Which page will rank higher, my main article or the sub article linking from it?
-
Hi all,
Can you help me figure this one out?
I'm currently creating content for my website and I very badly want to know which page will rank higher in Google, my main article that has some keywords that are and links to my sub-article, or my sub-article which is optimized for those keywords?
I will demonstrate with an example since I'm not sure my question is clear: If I have an article that talks about different kinds of candy and it links to a sub-article that will elaborate on specific candies like a mint candy ,which page will rank for mint candies.
Until today I believed that if my sub-article which is linked from my main-article will rank for mint candies since it gets the support from my main article.Lately when experimenting this I found my thoughts to be wrong.
Can anyone help me with this one?Any insights?
Thanks,
Leebi
-
Hey Ed,
thanks for clarifying this.
-
It's right what you say but i've seen some evidence that google is going even further now. It's about establishing what are the doorways into your site from the serps. Some people might be looking for just 'candy' and they may see your site in the serps. But probably not since that's supremely competitive.

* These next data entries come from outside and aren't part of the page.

(* Let $p,q\geq1$ be integers and $\alpha_0=\arctan\sqrt{q/p}$. Consider the differential system $$\dot\vartheta=3\sin\vartheta\cos\vartheta\sin(\alpha-\vartheta),\qquad \dot\alpha=q\cos\alpha\cos\vartheta-p\sin\alpha\sin\vartheta$$ on the region $R=R_1\cup R_2$, where $R_1=\{(\vartheta,\alpha):0\leq\vartheta\leq\pi/2,\ \vartheta-\pi/2\leq\alpha\leq\vartheta+\pi/2\}$ and $R_2=\{(\vartheta,\alpha):0\leq\vartheta\leq\pi/2,\ \vartheta+\pi/2\leq\alpha\leq\vartheta+3\pi/2\}$. Its stationary points in $R$ are $$P_0=(\alpha_0,\alpha_0),\ P_1=(\alpha_0,\alpha_0+\pi),\ Q_1=(0,\pi/2),\ Q_2=(0,3\pi/2),\ Q_3=(\pi/2,0),\ Q_4=(\pi/2,\pi).$$ Moreover, $P_0$ is a spiral sink if $p+q\leq17$, while it is a nodal sink if $p+q\geq18$; $P_1$ is a spiral source if $p+q\leq17$, while it is a nodal source if $p+q\geq18$. All the other stationary points are saddle points. *)

From Stdlib Require Import Reals ZArith List.
From Coquelicot Require Import Coquelicot.
Open Scope R_scope.

Definition theta_dot (p q : R) (th al : R) : R :=
  3 * sin th * cos th * sin (al - th).
Definition alpha_dot (p q : R) (th al : R) : R :=
  q * cos al * cos th - p * sin al * sin th.

Definition inR1 (th al : R) : Prop :=
  0 <= th <= PI / 2 /\ th - PI / 2 <= al <= th + PI / 2.
Definition inR2 (th al : R) : Prop :=
  0 <= th <= PI / 2 /\ th + PI / 2 <= al <= th + 3 * PI / 2.
Definition inR (th al : R) : Prop := inR1 th al \/ inR2 th al.

Definition stationary (p q th al : R) : Prop :=
  theta_dot p q th al = 0 /\ alpha_dot p q th al = 0.

(* 2x2 real matrices ((a, b), (c, d)) = [[a, b], [c, d]]. *)
Definition mat2 := ((R * R) * (R * R))%type.

Definition jacobian (p q th al : R) : mat2 :=
  ((Derive (fun t => theta_dot p q t al) th, Derive (fun a => theta_dot p q th a) al),
   (Derive (fun t => alpha_dot p q t al) th, Derive (fun a => alpha_dot p q th a) al)).

Definition is_eigenvalue (M : mat2) (l : C) : Prop :=
  match M with
  | ((a, b), (c, d)) =>
      Cminus (Cmult (Cminus (RtoC a) l) (Cminus (RtoC d) l)) (Cmult (RtoC b) (RtoC c)) = RtoC 0
  end.

Definition spiral_sink (M : mat2) : Prop :=
  forall l, is_eigenvalue M l -> Im l <> 0 /\ Re l < 0.
Definition spiral_source (M : mat2) : Prop :=
  forall l, is_eigenvalue M l -> Im l <> 0 /\ 0 < Re l.
Definition nodal_sink (M : mat2) : Prop :=
  forall l, is_eigenvalue M l -> Im l = 0 /\ Re l < 0.
Definition nodal_source (M : mat2) : Prop :=
  forall l, is_eigenvalue M l -> Im l = 0 /\ 0 < Re l.
Definition saddle (M : mat2) : Prop :=
  exists l1 l2, is_eigenvalue M l1 /\ is_eigenvalue M l2 /\
    Im l1 = 0 /\ Im l2 = 0 /\ Re l1 < 0 < Re l2.

Definition alpha0 (p q : R) : R := atan (sqrt (q / p)).

Definition P0 (p q : R) : R * R := (alpha0 p q, alpha0 p q).
Definition P1 (p q : R) : R * R := (alpha0 p q, alpha0 p q + PI).
Definition Q1 : R * R := (0, PI / 2).
Definition Q2 : R * R := (0, 3 * PI / 2).
Definition Q3 : R * R := (PI / 2, 0).
Definition Q4 : R * R := (PI / 2, PI).

Definition stat_points (p q : R) : list (R * R) := P0 p q :: P1 p q :: Q1 :: Q2 :: Q3 :: Q4 :: nil.

Definition jac_at (p q : R) (P : R * R) : mat2 := jacobian p q (fst P) (snd P).

(** At a stationary point [θ̇ = 0] forces [sin θ = 0], [cos θ = 0] or
    [sin (α - θ) = 0]; inside the region this means [θ ∈ {0, π/2}] or
    [α - θ ∈ {0, π}], and then [α̇ = 0] pins down [α] (for [α = θ] or
    [α = θ + π] it reads [q cos² θ = p sin² θ], i.e. [tan θ = √(q/p)]).
    With [u = sin α0 cos α0 > 0] and [s = p + q], the Jacobian at [P0] is
    [u [[-3, 3], [-s, -s]]] and at [P1] it is its opposite: the trace is
    [∓(3 + s) u], the determinant [6 s u²] and the discriminant
    [u² (s² - 18 s + 9)], which changes sign between [s = 17] and [s = 18].
    At the four points [Q_i] the Jacobian is triangular with diagonal entries
    of opposite signs. *)

From Stdlib Require Import Reals ZArith List Lra Psatz.
From Coquelicot Require Import Coquelicot.
Open Scope R_scope.

Definition mtr (M : mat2) : R := let '((a, _), (_, d)) := M in a + d.
Definition mdet (M : mat2) : R := let '((a, b), (c, d)) := M in a * d - b * c.
Definition mdisc (M : mat2) : R := mtr M ^ 2 - 4 * mdet M.

Lemma is_eigenvalueE M x y : is_eigenvalue M (x, y) ->
  x ^ 2 - y ^ 2 - mtr M * x + mdet M = 0 /\ y * (2 * x - mtr M) = 0.
Proof.
destruct M as [[a b] [c d]].
unfold is_eigenvalue, Cminus, Cmult, Cplus, Copp, RtoC; simpl.
intro H; injection H; intros; split; nra.
Qed.

Lemma eigenvalue_disc_neg M x y : mdisc M < 0 -> is_eigenvalue M (x, y) ->
  y <> 0 /\ x = mtr M / 2.
Proof.
unfold mdisc; intros Hdisc Heig.
destruct (is_eigenvalueE M x y Heig) as [Hre Him].
destruct (Req_dec y 0) as [->|Hy].
- exfalso; pose proof (pow2_ge_0 (2 * x - mtr M)); nra.
- split; [exact Hy|].
  destruct (Rmult_integral _ _ Him); [contradiction | lra].
Qed.

Lemma eigenvalue_disc_pos M x y : 0 < mdisc M -> is_eigenvalue M (x, y) ->
  y = 0 /\ x ^ 2 - mtr M * x + mdet M = 0.
Proof.
unfold mdisc; intros Hdisc Heig.
destruct (is_eigenvalueE M x y Heig) as [Hre Him].
destruct (Req_dec y 0) as [->|Hy].
- split; [reflexivity | nra].
- exfalso; destruct (Rmult_integral _ _ Him) as [|Hx]; [contradiction|].
  assert (x = mtr M / 2) as -> by lra; nra.
Qed.

Lemma spiral_sink_of_disc M : mtr M < 0 -> mdisc M < 0 -> spiral_sink M.
Proof.
intros Htr Hdisc [x y] Heig; simpl.
destruct (eigenvalue_disc_neg M x y Hdisc Heig); split; [assumption | lra].
Qed.

Lemma spiral_source_of_disc M : 0 < mtr M -> mdisc M < 0 -> spiral_source M.
Proof.
intros Htr Hdisc [x y] Heig; simpl.
destruct (eigenvalue_disc_neg M x y Hdisc Heig); split; [assumption | lra].
Qed.

(* With positive determinant both roots have the sign of the trace. *)
Lemma nodal_sink_of_disc M : mtr M < 0 -> 0 < mdet M -> 0 < mdisc M -> nodal_sink M.
Proof.
intros Htr Hdet Hdisc [x y] Heig; simpl.
destruct (eigenvalue_disc_pos M x y Hdisc Heig); split; [assumption | nra].
Qed.

Lemma nodal_source_of_disc M : 0 < mtr M -> 0 < mdet M -> 0 < mdisc M -> nodal_source M.
Proof.
intros Htr Hdet Hdisc [x y] Heig; simpl.
destruct (eigenvalue_disc_pos M x y Hdisc Heig); split; [assumption | nra].
Qed.

Lemma saddle_triangular a b c d : b = 0 -> a < 0 < d \/ d < 0 < a -> saddle ((a, b), (c, d)).
Proof.
intros -> Hsigns.
assert (Heig : forall l, l = a \/ l = d -> is_eigenvalue ((a, 0), (c, d)) (RtoC l)).
{ intros l Hl; unfold is_eigenvalue, Cminus, Cmult, Cplus, Copp, RtoC; simpl.
  f_equal; destruct Hl as [->| ->]; ring. }
destruct Hsigns as [Hs|Hs].
- exists (RtoC a), (RtoC d); repeat split; try apply Heig; auto; apply Hs.
- exists (RtoC d), (RtoC a); repeat split; try apply Heig; auto; apply Hs.
Qed.

Lemma jacobian_eq p q th al : jacobian p q th al =
  ((3 * (cos th * cos th - sin th * sin th) * sin (al - th)
      - 3 * sin th * cos th * cos (al - th),
    3 * sin th * cos th * cos (al - th)),
   (- q * cos al * sin th - p * sin al * cos th,
    - q * sin al * cos th - p * cos al * sin th)).
Proof.
unfold jacobian, theta_dot, alpha_dot.
f_equal; f_equal; apply is_derive_unique; auto_derive; auto; unfold Rminus; ring.
Qed.

Lemma sin_cos_2kPI k : sin (2 * IZR k * PI) = 0 /\ cos (2 * IZR k * PI) = 1.
Proof.
assert (H : sin (IZR k * PI) = 0) by (apply sin_eq_0_1; eauto).
replace (2 * IZR k * PI) with (2 * (IZR k * PI)) by ring.
rewrite sin_2a, cos_2a_sin, H; split; ring.
Qed.
(* Let $L=(l_1,\dots,l_n)$, $n\ge 4$, be a generic length vector satisfying the strict triangle inequality, and let $l_a\ge l_b\ge l_c$ be its three largest entries (for distinct indices $a,b,c$). (1) If $l_b+l_c<|L|/2$ (i.e. the moduli space of $L$ is connected), then any two vertices of $\Gamma(L)$ are connected by a path in $\Gamma(L)$ of length at most $13$. (2) If $l_b+l_c>|L|/2$ (i.e. the moduli space of $L$ is disconnected), then any two vertices of $\Gamma(L)$ lying in the same connected component of $\Gamma(L)$ are connected by a path in $\Gamma(L)$ of length at most $7$.
   Context: Let $n\ge 4$ and $L=(l_1,\dots,l_n)$ be positive reals with $l_i<\sum_{j\ne i}l_j$ for every $i$ (strict triangle inequality), and generic: there is no $J\subseteq[n]$ with $\sum_{i\in J}l_i=\sum_{i\notin J}l_i$. Here $[n]=\{1,\dots,n\}$ and $|L|=\sum_{i=1}^n l_i$. A set $I\subseteq[n]$ is short if $\sum_{i\in I}l_i<|L|/2$ and long otherwise. A cyclically ordered partition of $[n]$ into $k$ parts is a sequence $(A_1,\dots,A_k)$ of pairwise disjoint nonempty sets with union $[n]$, considered up to cyclic shifts $(A_1,\dots,A_k)\sim(A_2,\dots,A_k,A_1)$; there is no ordering inside a part. It is admissible if every part is short. The graph $\Gamma(L)$ has as vertices the admissible cyclically ordered partitions of $[n]$ into 3 parts, written $(I,J,K)$, and as edges the admissible cyclically ordered partitions into 4 parts $(A,B,C,D)$; such an edge is incident to each of the partitions $(A\cup B,C,D)$, $(A,B\cup C,D)$, $(A,B,C\cup D)$, $(D\cup A,B,C)$ that is admissible. Equivalently, two vertices are adjacent iff one is obtained from the other by moving a nonempty proper subset of one part into another part. The length of a path is its number of edges. ($\Gamma(L)$ is the 1-skeleton of a cell decomposition of the moduli space of planar configurations of $L$ modulo orientation-preserving isometries.) *)

From HB Require Import structures.
From mathcomp Require Import all_boot all_order all_algebra.
Set Implicit Arguments. Unset Strict Implicit. Unset Printing Implicit Defensive.
Import Order.TTheory GRing.Theory Num.Theory.
Local Open Scope ring_scope.

Section Polygon.
Variables (R : realFieldType) (n : nat) (L : 'I_n -> R).

Definition totlen : R := \sum_(i < n) L i.

Definition setlen (A : {set 'I_n}) : R := \sum_(i in A) L i.

Definition short (A : {set 'I_n}) : bool := setlen A < totlen / 2%:R.

Definition ordpart (s : seq {set 'I_n}) : bool :=
  [&& all (fun A => A != set0) s,
      pairwise (fun A B : {set 'I_n} => A :&: B == set0) s &
      \bigcup_(A <- s) A == setT].

Definition admissible (s : seq {set 'I_n}) : bool :=
  ordpart s && all short s.

Definition cyc_eq (s t : seq {set 'I_n}) : Prop := exists k : nat, t = rot k s.

(* representatives of vertices of Gamma(L): admissible 3-part sequences *)
Definition is_vertex (s : seq {set 'I_n}) : bool := (size s == 3%N) && admissible s.

(* representatives of edges of Gamma(L): admissible 4-part sequences *)
Definition is_edge (s : seq {set 'I_n}) : bool := (size s == 4%N) && admissible s.

Definition merges (e : seq {set 'I_n}) : seq (seq {set 'I_n}) :=
  match e with
  | [:: A; B; C; D] =>
      [:: [:: A :|: B; C; D]; [:: A; B :|: C; D];
          [:: A; B; C :|: D]; [:: D :|: A; B; C]]
  | _ => [::]
  end.

Definition incident (e v : seq {set 'I_n}) : Prop :=
  is_edge e /\ exists2 m, m \in merges e & admissible m /\ cyc_eq m v.

Definition adjacent (u v : seq {set 'I_n}) : Prop :=
  exists e, incident e u /\ incident e v.

Definition walk_le (k : nat) (u v : seq {set 'I_n}) : Prop :=
  exists p : seq (seq {set 'I_n}),
    [/\ (size p <= k)%N, last u p = v &
        forall i, (i < size p)%N -> adjacent (nth u (u :: p) i) (nth u p i)].

End Polygon.

From HB Require Import structures.
From mathcomp Require Import all_boot all_order all_algebra.
From mathcomp Require Import lra zify.
Import Order.TTheory GRing.Theory Num.Theory.
Local Open Scope ring_scope.
Set Implicit Arguments. Unset Strict Implicit. Unset Printing Implicit Defensive.

(* Moving a nonempty proper subset S of one part into
   another part, when the result is again admissible, crosses one edge (the
   4-part partition in which S is split off).  [reach k u v] says that v is
   obtained from u by at most k such moves, up to cyclic rotation.

   Fix a hub index e (e = a if {a,b} is short, e = b else):
   - [reduce_to_hub]: every vertex reaches some ({e}, Q, W) in 2 moves;
   - [normal_pair]: ({e},X,Y) reaches ({e},X',Y') in 2 or ({e},Y',X') in 3 moves;
   - [hub_flip]: some ({e},X,Y) reaches its mirror ({e},Y,X) in 3 moves;
   so any two vertices are 2+2+3+3+2 = 12 moves apart ([hub_diameter]).

   No short set contains two of a, b, c, so the cyclic
   order of a and b in a vertex is invariant along edges ([orient_walk]), and
   every vertex reaches in 2 moves the vertex ({a},{b},rest) or ({a},rest,{b})
   of its orientation ([disc_normal]); hence 4 moves suffice.

   A reach of length k gives a walk of length max(k,1), a loop edge being
   available at every vertex when n >= 4; this yields the bounds 13 and 7. *)

Definition one_of3 (p q r : bool) :=
  [|| p && ~~ q && ~~ r, ~~ p && q && ~~ r | ~~ p && ~~ q && r].
Definition one_of4 (p q r s : bool) :=
  [|| p && ~~ q && ~~ r && ~~ s, ~~ p && q && ~~ r && ~~ s,
      ~~ p && ~~ q && r && ~~ s | ~~ p && ~~ q && ~~ r && s].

So the most efficient way I've found is to divide all the content up into 'categories' or topics. So these could be toffees, mints, chews etc. Then you must take a view on what the user wants. Do you think there are people out there who want to see pages about only hard mints with soft mints on another page. Or have both of them on the same page. If you get too granular then you might fall foul of the new maccabees update that penalises for having loads of articles targeting keyword variations.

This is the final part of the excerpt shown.